Prime Minister Sanae Takaichi faces a difficult challenge in maintaining the quality of the country's medical and nursing care services while lowering related expenses, amid an aging population.

Japan Innovation Party, the new coalition partner to Takaichi's ruling Liberal Democratic Party, has called for lowering social security premiums for working people. But this requires reforms that are expected to increase the burden on society, including the elderly, as a whole.

Since medical and nursing care services are offered at fixed prices set by the state, many service providers are struggling to cope with rapid inflation and are operating at a loss.

Takaichi told a news conference soon after her election as LDP president that she is considering support for medical and nursing care businesses with funds from a possible supplementary budget.

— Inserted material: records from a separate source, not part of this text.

(* Let $M,N\ge1$, $\mathbf y\in\mathbb{R}^M$, $\mathbf H\in\mathbb{R}^{M\times N}$ with $R=\operatorname{rank}(\mathbf H)\ge1$, and $\sigma_e^2>0$, $\sigma_\epsilon^2>0$. Let $\mathbf H=\mathbf U\boldsymbol\Sigma\mathbf V^{\mathrm T}$ be a singular value decomposition with nonzero singular values $\lambda_1\ge\cdots\ge\lambda_R>0$, and $\widetilde{\mathbf y}=\mathbf U^{\mathrm T}\mathbf y$. Consider the negative log-likelihood $$f(\mathbf x)=\frac{\|\mathbf y-\mathbf H\mathbf x\|_2^2}{2(\sigma_e^2\|\mathbf x\|_2^2+\sigma_\epsilon^2)}+\frac M2\log(\sigma_e^2\|\mathbf x\|_2^2+\sigma_\epsilon^2),\qquad \mathbf x\in\mathbb{R}^N,$$ and the optimization problem (P): minimize over $\mathbf w=(w_1,\dots,w_N)\in\mathbb{R}^N$ and $z>0$ $$\Phi(\mathbf w,z)=\sum_{j=1}^R\frac12\Big(\widetilde y_j^2 z+\lambda_j^2w_j-2|\widetilde y_j|\lambda_j\sqrt{w_jz}\Big)+\frac12\|\widetilde{\mathbf y}_{R+1:M}\|_2^2\,z-\frac M2\log z$$ subject to $\sigma_e^2\sum_{i=1}^N w_i+\sigma_\epsilon^2 z=1$ and $w_i\ge0$ for $i=1,\dots,N$. Then: (i) $\Phi$ is a convex function on $\{(\mathbf w,z):\mathbf w\ge\mathbf 0,\ z>0\}$, so (P) is a convex optimization problem; (ii) $\inf_{\mathbf x\in\mathbb{R}^N}f(\mathbf x)$ equals the optimal value of (P); (iii) strong duality holds for (P), i.e. the optimal value of (P) equals the optimal value of its Lagrangian dual problem (with multipliers for the equality constraint and the constraints $w_i\ge0$).
   Context: $\widetilde{\mathbf y}_{R+1:M}=(\widetilde y_{R+1},\dots,\widetilde y_M)^{\mathrm T}$; if $R=M$ it is empty and its squared norm is $0$. The function $f$ is, up to additive constants, the negative log-likelihood of $\mathbf x$ in the model $\mathbf y=(\mathbf H+\mathbf E)\mathbf x+\boldsymbol\epsilon$ with $\mathbf E$ having i.i.d. $\mathcal N(0,\sigma_e^2)$ entries and $\boldsymbol\epsilon\sim\mathcal N(\mathbf 0,\sigma_\epsilon^2\mathbf I_M)$ independent. *)

From HB Require Import structures.
From mathcomp Require Import all_boot all_order all_algebra.
From mathcomp Require Import all_classical all_reals.
From mathcomp Require Import ereal exp.
Set Implicit Arguments. Unset Strict Implicit. Unset Printing Implicit Defensive.
Import Order.TTheory GRing.Theory Num.Theory.
Local Open Scope ring_scope.
Local Open Scope classical_set_scope.

Section Defs.
Variable R : realType.

Definition sqnorm n (v : 'cV[R]_n) : R := \sum_(i < n) v i 0 ^+ 2.

(* k-th entry (0-based, nat index) of a column vector; 0 if out of range *)
Definition ventry n (v : 'cV[R]_n) (k : nat) : R :=
  if insub k is Some i then v i 0 else 0.

Definition svd_Sigma M N (lam : nat -> R) (r : nat) : 'M[R]_(M, N) :=
  \matrix_(i < M, j < N) (if ((i : nat) == j) && (i < r)%N then lam i else 0).

Definition nll M N (y : 'cV[R]_M) (H : 'M[R]_(M, N)) (se2 sn2 : R)
  (x : 'cV[R]_N) : R :=
  sqnorm (y - H *m x) / (2 * (se2 * sqnorm x + sn2))
  + (M%:R / 2) * ln (se2 * sqnorm x + sn2).

(* objective Phi of (P); ytil = U^T y, lam the nonzero singular values, r the rank *)
Definition Phi M N (ytil : 'cV[R]_M) (lam : nat -> R) (r : nat)
  (w : 'cV[R]_N) (z : R) : R :=
  \sum_(j < r) (1/2) * (ventry ytil j ^+ 2 * z + lam j ^+ 2 * ventry w j
        - 2 * `|ventry ytil j| * lam j * Num.sqrt (ventry w j * z))
  + (1/2) * (\sum_(i < M | (r <= i)%N) ytil i 0 ^+ 2) * z
  - (M%:R / 2) * ln z.

Definition domP N (w : 'cV[R]_N) (z : R) : Prop :=
  (forall i, 0 <= w i 0) /\ 0 < z.

Definition feasP N (se2 sn2 : R) (w : 'cV[R]_N) (z : R) : Prop :=
  domP w z /\ se2 * (\sum_(i < N) w i 0) + sn2 * z = 1.

(* Lagrangian of (P): nu for the equality constraint, mu_i for -w_i <= 0 *)
Definition Lagr M N (ytil : 'cV[R]_M) (lam : nat -> R) (r : nat) (se2 sn2 : R)
  (w : 'cV[R]_N) (z : R) (nu : R) (mu : 'cV[R]_N) : R :=
  Phi ytil lam r w z + nu * (se2 * (\sum_(i < N) w i 0) + sn2 * z - 1)
  - \sum_(i < N) mu i 0 * w i 0.

Definition dualfun M N (ytil : 'cV[R]_M) (lam : nat -> R) (r : nat) (se2 sn2 : R)
  (nu : R) (mu : 'cV[R]_N) : \bar R :=
  ereal_inf [set e | exists (w : 'cV[R]_N) (z : R),
     domP w z /\ e = (Lagr ytil lam r se2 sn2 w z nu mu)%:E].

End Defs.

From HB Require Import structures.
From mathcomp Require Import all_boot all_order all_algebra.
From mathcomp Require Import all_classical all_reals.
From mathcomp Require Import ereal exp.
From mathcomp Require Import ring lra.
Import Order.TTheory GRing.Theory Num.Theory.
Local Open Scope ring_scope.
Local Open Scope classical_set_scope.

(* Rotating by the singular vectors (x' = V^T x, y' = U^T y) leaves f unchanged and makes
   the model diagonal.  The substitution z = 1/(se2 |x'|^2 + sn2), w_k = x'_k^2 z maps R^N
   onto the feasible set of (P) and turns f into Phi plus the nonnegative gap
   z * sum_j lam_j (|y'_j| |x'_j| - y'_j x'_j); conversely x'_k = sign(y'_k) sqrt(w_k / z)
   recovers any feasible (w, z) with zero gap, so the two infima coincide.  Phi is convex
   because sqrt(w z) and ln z are concave.  For strong duality, (P) has a single affine
   constraint g = 1, attained strictly on both sides by domain points (Slater), and Phi is
   bounded below on it; by convexity every slope (p - Phi)/(1 - g) taken where g < 1 is at
   most every slope (Phi - p)/(g - 1) taken where g > 1, and minus the supremum of the
   former is a Lagrange multiplier nu.  The dual function at (nu, 0) then reaches the
   primal value, and weak duality gives the reverse inequality. *)

Section Concavity.
Context {R : realType}.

Her comments signaled that official prices for medical and nursing care services will be raised earlier than planned. But this aid to service providers is expected to result in higher insurance premiums and out-of-pocket payments by users.

JIP, also called Nippon Ishin no Kai, has called for lowering insurance premiums for working people by ¥60,000 ($394) per person per year, by reducing national medical care expenditures by over ¥4 trillion from the current level of nearly ¥50 trillion.

The LDP and JIP agreed in their coalition deal signed Monday to aim to stem the rise of premiums for working people and eventually to lower them. But the deal did not include numerical targets, and it remains to be seen if JIP's demands will be met.

JIP has demanded that prescription medicines similar to over-the-counter drugs be excluded from insurance coverage. But the Japan Medical Association, a major supporter of the LDP, has opposed this.